“Standard-Waterschei” case: 40 years later, the testimonies of the actors challenge

On February 22, 1984, searches at the Standard revealed the Pot-aux-roses. Accounts seized, slush fund discovered, confessions of the President and the Coach, the earthquake shook the Liège region and all Belgian football.

I remember, I took my car to go eat with the group between two training sessions. I put on the radio and heard”Scandal at Standard de Liège, a case of corruption…”. We were all amazed, even the 8 who knew, because they had not imagined for a single moment that the Management would have left the slightest trace of this scheme. In the days that followed, we were to be interviewed by the investigators. We were wondering what might happen to us? The pressure from the media and public opinion was enormous. Discovering your photo on the front page of the tabloid press is very heavy. And we were writing history, because people were discovering the black money of football“.
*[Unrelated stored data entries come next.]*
Lemma flux_inverse (n k : nat) du r : (1 <= k)%nat -> (k <= n)%nat -> 0 < r ->
  0 < - flux n k du r ->
  du r = - (Rpower (- flux n k du r) (/ INR k) * Rpower r ((INR k - INR n) / INR k)).
Proof.
  intros hk hkn hr hflux. unfold flux in *.
  assert (hK : 0 < INR k) by (apply lt_0_INR; lia).
  assert (ha : du r < 0).
  { destruct (Rlt_or_le (du r) 0) as [h|h]; [exact h|exfalso].
    pose proof (pow_le r (n - k) ltac:(lra)).
    pose proof (pow_le (Rabs (du r)) (k - 1) (Rabs_pos (du r))).
    assert (0 <= r ^ (n - k) * Rabs (du r) ^ (k - 1)) by (apply Rmult_le_pos; auto). nra. }
  set (v := - du r). assert (hv : 0 < v) by (unfold v; lra).
  assert (E : - (r ^ (n - k) * Rabs (du r) ^ (k - 1) * du r) = r ^ (n - k) * v ^ k).
  { rewrite Rabs_left by exact ha. fold v. replace (du r) with (- v) by (unfold v; ring).
    replace (v ^ k) with (v ^ (k - 1) * v) by (rewrite Rmult_comm, tech_pow_Rmult; f_equal; lia).
    ring. }
  rewrite E, <- !Rpower_pow, <- Rpower_mult_distr, !Rpower_mult, minus_INR
    by (try apply Rpower_pos; lia || lra).
  replace (INR k * / INR k) with 1 by (field; lra). rewrite Rpower_1 by exact hv.
  replace (Rpower r ((INR n - INR k) * / INR k) * v * Rpower r ((INR k - INR n) / INR k))
    with (v * (Rpower r ((INR n - INR k) * / INR k) * Rpower r ((INR k - INR n) / INR k))) by ring.
  rewrite <- Rpower_plus.
  replace ((INR n - INR k) * / INR k + (INR k - INR n) / INR k) with 0 by (field; lra).
  rewrite Rpower_O by exact hr. unfold v. ring.
Qed.

Lemma regular_solution_bounded_near_0 (n k : nat) u du : (k < n)%nat ->
  C2_n n (fun x => u (norm_n n x)) -> (forall r, 0 < r -> derivable_pt_lim u r (du r)) ->
  right_deriv0 u 0 ->
  exists d M, 0 < d /\ forall e, 0 < e < d -> Rabs (flux n k du e) <= M * e /\ u e <= M.
Proof.
  intros hkn hC2 hdu hr0.
  destruct (radial_derivative_bounded n u du ltac:(lia) hC2 hdu) as [d1 [M1 [hd1 [hM1 hdu_small]]]].
  destruct (right_deriv0_upper u hr0) as [d2 [hd2 hu_small]].
  exists (Rmin (Rmin d1 d2) 1), (M1 ^ (k - 1) * M1 + Rabs (u 0) + 1).
  split; [repeat apply Rmin_pos; lra|]. intros e he.
  pose proof (Rmin_l (Rmin d1 d2) 1). pose proof (Rmin_r (Rmin d1 d2) 1).
  pose proof (Rmin_l d1 d2). pose proof (Rmin_r d1 d2).
  pose proof (pow_le M1 (k - 1) hM1). pose proof (Rle_abs (u 0)). pose proof (Rabs_pos (u 0)).
  split.
  - assert (Rabs (flux n k du e) <= M1 ^ (k - 1) * M1 * e)
      by (apply flux_bound; [exact hkn|lra|apply hdu_small; lra]).
    nra.
  - pose proof (hu_small e ltac:(lra)). nra.
Qed.

Lemma C_pos n m : 0 < C n m.
Proof.
  unfold C. apply Rdiv_lt_0_compat; [apply INR_fact_lt_0|].
  apply Rmult_lt_0_compat; apply INR_fact_lt_0.
Qed.

Lemma exponent_range (n k : nat) p : (1 < k)%nat -> (2 * k < n)%nat ->
  INR n * INR k / (INR n - 2 * INR k) < p -> p < (INR n + 2) * INR k / (INR n - 2 * INR k) ->
  0 < INR k /\ 2 * INR k < INR n /\
  INR n * INR k < p * (INR n - 2 * INR k) /\ p * (INR n - 2 * INR k) < (INR n + 2) * INR k.
Proof.
  intros hk hkn hp1 hp2.
  assert (hK : 0 < INR k) by (apply lt_0_INR; lia).
  assert (h2K : 2 * INR k < INR n).
  { replace 2 with (INR 2) by reflexivity. rewrite <- mult_INR. apply lt_INR. exact hkn. }
  assert (hD : 0 < INR n - 2 * INR k) by lra.
  apply (Rmult_lt_compat_r _ _ _ hD) in hp1, hp2.
  unfold Rdiv in hp1, hp2. rewrite Rmult_assoc, Rinv_l, Rmult_1_r in hp1, hp2 by lra.
  repeat split; lra.
Qed.

Theorem theorem1p1 (n k : nat) (p rho : R) :
  (3 <= n)%nat -> (1 < k)%nat -> (2 * k < n)%nat ->
  INR n * INR k / (INR n - 2 * INR k) < p ->
  p < (INR n + 2) * INR k / (INR n - 2 * INR k) ->
  0 < rho ->
  ~ (exists u : R -> R, regular_solution n k p rho u).
Proof.
  intros _ hk hkn hp1 hp2 _ [u [[[du [dw [hdu [hdw heq]]]] [hpos [hr0 _]]] hC2]].
  destruct (exponent_range n k p hk hkn hp1 hp2) as (hK & h2K & hserrin & hsobolev).
  set (c := C (n - 1) (k - 1) / INR k).
  assert (hc : 0 < c) by (apply Rdiv_lt_0_compat; [apply C_pos|exact hK]).
  assert (hV : forall r, 0 < r -> derivable_pt_lim (fun s => - flux n k du s) r (- dw r))
    by (intros r hr; apply derivable_pt_lim_opp, hdw, hr).
  assert (hVeq : forall r, 0 < r -> c * - dw r = Rpower r (INR n - 1) * Rpower (u r) p).
  { intros r hr.
    replace (INR n - 1) with (INR (n - 1)) by (rewrite minus_INR by lia; simpl; ring).
    rewrite Rpower_pow, <- heq by exact hr. unfold c. field. lra. }
  assert (hdV : forall r, 0 < r -> 0 < - dw r).
  { intros r hr. assert (0 < c * - dw r) by (rewrite hVeq by exact hr;
      apply Rmult_lt_0_compat; apply Rpower_pos). nra. }
  destruct (regular_solution_bounded_near_0 n k u du ltac:(lia) hC2 hdu hr0) as [d [M [hd hsmall]]].
  assert (hVpos : forall r, 0 < r -> 0 < - flux n k du r).
  { apply (pos_of_increasing_from_0 _ _ d M hd hV hdV).
    intros e he. rewrite Rabs_Ropp. apply hsmall, he. }
  apply (radial_system_absurd (INR n) (INR k) p c u du (fun s => - flux n k du s)
           (fun r => - dw r) d M); auto.
  - intros r hr. apply flux_inverse; [lia|lia|exact hr|now apply hVpos].
  - intros e he. destruct (hsmall e he) as [hV_small _].
    pose proof (Rle_abs (- flux n k du e)). rewrite Rabs_Ropp in *. lra.
  - intros e he. apply hsmall, he.
Qed.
The management of the Standard exerted strong pressure on us to confess. She was convinced that things would settle down easily if we all gave the same version: we had paid our victory bonuses so that there were no injuries at the end of the meeting. There had even been talk of saying that the idea only came following the match, as a thank you for the absence of injury“.
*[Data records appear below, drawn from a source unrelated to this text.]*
Theorem theorem3p8 (X : choiceType) :
  (* (i) tau_pp is the smallest topology making dom, im, ev_x continuous *)
  (pp_maps_continuous (@open (Ipp X)) /\
   forall O : set_system (pinj X), is_topology O -> pp_maps_continuous O ->
     forall U : set (pinj X), @open (Ipp X) U -> O U) /\
  (* (ii) dom and im are open maps *)
  (forall U : set (Ipp X), open U ->
     open (dom (X:=X) @` U) /\ open (im (X:=X) @` U)) /\
  (* (iii) universal property *)
  (forall (Y : topologicalType) (phi : Y -> Ipp X),
     continuous phi <->
     [/\ continuous (dom (X:=X) \o phi),
         continuous (im (X:=X) \o phi) &
         forall x : X, {within phi @^-1` D x,
            continuous ((ev x : pinj X -> discrete_topology X) \o phi)}]) /\
  (* (iv) the idempotents 1_A are compact *)
  compact (range (fun A : set X => (idA A : Ipp X))).
Proof.
split; [split|split; [|split]].
- split => [V|V|x V _]; last exact: ev_trace_open.
    by move=> /(proj1 (continuousP _) (@dom_continuous X)).
  by move=> /(proj1 (continuousP _) (@im_continuous X)).
- move=> O Otop Ocont.
  exact: open_Ipp_min Otop (subbase_in_structure_topology Otop Ocont).
- by move=> U oU; split; [exact: dom_open|exact: im_open].
- exact: continuous_to_IppP.
- exact: compact_idempotents.
Qed.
-“During the interrogations and then the weeks that followed, there was a lot of solidarity between us, we pulled together to hold on. I think regarding it sometimes“.

-“With the convictions and suspensions, we lost money, contracts, and selections with our national teams”. For example, with the Red Devils, Gerets, Vandersmissen, Plessers, Daerden, Meeuws and Preud’homme were deprived of Euro 84 in France“.
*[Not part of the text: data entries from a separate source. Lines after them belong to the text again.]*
(* Let $L>0$ and let $\alpha,\beta:\mathbb{R}\to\mathbb{R}^2$ be smooth $L$-periodic maps (initial data) with $\alpha'$ nowhere zero, $\langle\beta,\alpha'\rangle = 0$ and $|\alpha'|^2+|\beta|^2=1$, and such that $\alpha$ has zero rotation index. Let $\gamma(t,s) = \tfrac12(\alpha(s+t)+\alpha(s-t)) + \tfrac12\int_{s-t}^{s+t}\beta(\xi)\,d\xi$. Then there exists a time $T$ such that the unit tangent map $U(T,\cdot)$ of the curve $s\mapsto\gamma(T,s)$ is discontinuous, i.e. $s\mapsto \gamma_{,s}(T,s)/|\gamma_{,s}(T,s)|$ (defined where $\gamma_{,s}(T,s)\neq0$) does not extend to a continuous map on $\mathbb{R}$.
   Context: The rotation index of $\alpha$ is the degree of $\alpha'/|\alpha'|$ as a map from $\mathbb{R}/L\mathbb{Z}$ to the unit circle. *)

From Stdlib Require Import Reals.
From Coquelicot Require Import Coquelicot.
Open Scope R_scope.

(* A map R -> R^2 is represented by its two component functions. *)

Definition smooth (f : R -> R) : Prop :=
  forall (n : nat) (x : R), ex_derive_n f n x.

Definition periodic (L : R) (f : R -> R) : Prop :=
  forall s, f (s + L) = f s.

Definition angle_lift (a1 a2 theta : R -> R) : Prop :=
  (forall s, continuous theta s) /\
  forall s,
    Derive a1 s = sqrt (Derive a1 s ^ 2 + Derive a2 s ^ 2) * cos (theta s) /\
    Derive a2 s = sqrt (Derive a1 s ^ 2 + Derive a2 s ^ 2) * sin (theta s).

(* Rotation index of the L-periodic curve alpha = (a1,a2): degree of
   alpha'/|alpha'| as a map R/LZ -> S^1, computed through a continuous lift. *)
Definition has_rotation_index (L : R) (a1 a2 : R -> R) (k : Z) : Prop :=
  exists theta, angle_lift a1 a2 theta /\ theta L - theta 0 = 2 * PI * IZR k.

Definition gamma_comp (a b : R -> R) (t s : R) : R :=
  / 2 * (a (s + t) + a (s - t)) + / 2 * RInt b (s - t) (s + t).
-“Standard immediately paid dearly for its fault. He played (and lost) the Belgian Cup final once morest Ghent with a decimated team. And in the following years, those like me who hadn’t been able to leave the club found themselves in a decapitated team, and in a club stigmatized, humiliated, and whose future was in jeopardy. Those 2-3 years were very hard for us“.

-“I am one of those who had to leave. And I regretted it, because I was very attached to Standard, I liked it a lot: the fantastic public, the level of play, the proximity to my home, the reputation of the club… I lost all that , while I still saw myself there 4 or 5 years“.